Lemma prefix_total x y v : prefix x v -> prefix y v -> prefix x y || prefix y x.
Proof.
rewrite [prefix x v]prefixE [prefix y v]prefixE => /eqP ex /eqP ey.
case: (leqP (size x) (size y)) => h; apply/orP; [left | right]; rewrite prefixE.
  by rewrite -{1}ey take_takel // ex.
by rewrite -{1}ex take_takel ?ey // ltnW.
Qed.

Lemma prefix_size_lt x y : prefix x y -> x != y -> size x < size y.
Proof.
move=> pxy; apply: contraNT; rewrite -leqNgt => le_yx.
by move: pxy; rewrite prefixE take_oversize // eq_sym.
Qed.

End PrefixOrder.

Section HookLength.
Variable T : eqType.
Implicit Types (A s : seq (seq T)) (u v x : seq T).

Definition hook_of A u := count (prefix u) A.

Definition first_in_subtree A s u :=
  all (fun w => prefix u w ==> (index u s <= index w s)) A.

Lemma hook_of_gt0 A u : u \in A -> 0 < hook_of A u.
Proof.
by move=> uA; rewrite /hook_of -has_count; apply/hasP; exists u => //; apply: prefix_refl.
Qed.

Variable S : pred (seq T).

Definition no_sel_ancestor A x := all (fun u => S u ==> ~~ prefix u x) (rem x A).

(* [sel_top A v x]: [x] is the topmost selected ancestor of [v], or [v]
   itself when [v] has no selected ancestor. *)
Definition sel_top A v x :=
  no_sel_ancestor A x && (if S x then prefix x v else x == v).

Definition sel_first_in_subtree A s := all (fun u => S u ==> first_in_subtree A s u) A.

Lemma no_sel_ancestorP A x : uniq A ->
  reflect (forall u, u \in A -> S u -> u != x -> ~~ prefix u x) (no_sel_ancestor A x).
Proof.
move=> uA; rewrite /no_sel_ancestor rem_filter //; apply: (iffP allP) => H.
  by move=> u uA' Su ux; have := H u; rewrite mem_filter /= ux uA' Su => /(_ isT).
by move=> u; rewrite mem_filter /= => /andP[ux uA']; apply/implyP => Su; apply: H.
Qed.

Lemma no_sel_ancestorPn A x : uniq A -> ~~ no_sel_ancestor A x ->
  exists u, [/\ u \in A, S u, u != x & prefix u x].
Proof.
move=> uA; rewrite /no_sel_ancestor rem_filter // => /allPn[u].
by rewrite mem_filter negb_imply negbK => /andP[ux uA'] /andP[Su pu]; exists u.
Qed.

Lemma sel_top_uniq A v x y : uniq A -> x \in A -> y \in A ->
  sel_top A v x -> sel_top A v y -> x = y.
Proof.
move=> uA xA yA /andP[/(no_sel_ancestorP _ uA) nx Hx] /andP[/(no_sel_ancestorP _ uA) ny Hy].
case: (eqVneq x y) => // neq_xy; exfalso.
case Sx: (S x) Hx; case Sy: (S y) Hy => Hy Hx.
- case/orP: (prefix_total Hx Hy) => p.
    by move: (ny x xA Sx neq_xy); rewrite p.
  by move: (nx y yA Sy); rewrite eq_sym neq_xy p => /(_ isT).
- by move/eqP: Hy => Hy; subst v; move: (ny x xA Sx neq_xy); rewrite Hx.
- by move/eqP: Hx => Hx; subst v; move: (nx y yA Sy); rewrite eq_sym neq_xy Hy => /(_ isT).
- by move: neq_xy; rewrite (eqP Hx) (eqP Hy) eqxx.
Qed.

Lemma exists_top_sel_ancestor A v y : uniq A -> y \in A -> S y -> prefix y v ->
  exists2 x, x \in A & [&& S x, prefix x v & no_sel_ancestor A x].
Proof.
move=> uA; have [m] := ubnP (size y); elim: m y => // m IH y /ltnSE le_y yA Sy pyv.
case na: (no_sel_ancestor A y); first by exists y => //; rewrite Sy pyv na.
have [u [uA' Su uy puy]] := no_sel_ancestorPn uA (negbT na).
apply: (IH u) => //; last exact: prefix_trans puy pyv.
exact: leq_trans (prefix_size_lt puy uy) le_y.
Qed.

Lemma sel_top_exists A v : uniq A -> v \in A -> exists2 x, x \in A & sel_top A v x.
Proof.
move=> uA vA; case Sv: (S v).
  have [x xA /and3P[Sx pxv nx]] := exists_top_sel_ancestor uA vA Sv (prefix_refl v).
  by exists x; rewrite // /sel_top nx Sx.
case nv: (no_sel_ancestor A v); first by exists v; rewrite // /sel_top nv Sv eqxx.
have [u [uA' Su _ puv]] := no_sel_ancestorPn uA (negbT nv).
have [x xA /and3P[Sx pxv nx]] := exists_top_sel_ancestor uA uA' Su puv.
by exists x; rewrite // /sel_top nx Sx.
Qed.

(* Every vertex [v] is counted once, at its topmost selected ancestor. *)
Lemma sum_no_sel_ancestor A : uniq A ->
  \sum_(x <- A) no_sel_ancestor A x * (if S x then hook_of A x else 1) = size A.
Proof.
move=> uA.
transitivity (\sum_(x <- A) \sum_(v <- A) (sel_top A v x : nat)).
  apply: eq_big_seq => x xA; rewrite /sel_top /hook_of.
  case: (no_sel_ancestor A x); last by rewrite mul0n big1.
  rewrite mul1n -count_sum_nat; case: (S x) => //.
  by rewrite (@count_eq1 _ _ _ x) ?eqxx // => y _ /eqP.
rewrite exchange_big /= -sum1_size; apply: eq_big_seq => v vA.
have [x xA topx] := sel_top_exists uA vA.
rewrite -count_sum_nat (count_eq1 uA xA topx) // => y yA topy.
exact: sel_top_uniq yA xA topy topx.
Qed.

· · · · ·

Task objective –
Once you find the line with "exact: leq_trans (prefix_size_lt" in the entries above, output it and each line after it up to and including the line with "rewrite mul1n -count_sum_nat;", and nothing else.

Result for this task –
exact: leq_trans (prefix_size_lt puy uy) le_y.
Qed.

Lemma sel_top_exists A v : uniq A -> v \in A -> exists2 x, x \in A & sel_top A v x.
Proof.
move=> uA vA; case Sv: (S v).
  have [x xA /and3P[Sx pxv nx]] := exists_top_sel_ancestor uA vA Sv (prefix_refl v).
  by exists x; rewrite // /sel_top nx Sx.
case nv: (no_sel_ancestor A v); first by exists v; rewrite // /sel_top nv Sv eqxx.
have [u [uA' Su _ puv]] := no_sel_ancestorPn uA (negbT nv).
have [x xA /and3P[Sx pxv nx]] := exists_top_sel_ancestor uA uA' Su puv.
by exists x; rewrite // /sel_top nx Sx.
Qed.

(* Every vertex [v] is counted once, at its topmost selected ancestor. *)
Lemma sum_no_sel_ancestor A : uniq A ->
  \sum_(x <- A) no_sel_ancestor A x * (if S x then hook_of A x else 1) = size A.
Proof.
move=> uA.
transitivity (\sum_(x <- A) \sum_(v <- A) (sel_top A v x : nat)).
  apply: eq_big_seq => x xA; rewrite /sel_top /hook_of.
  case: (no_sel_ancestor A x); last by rewrite mul0n big1.
  rewrite mul1n -count_sum_nat; case: (S x) => //.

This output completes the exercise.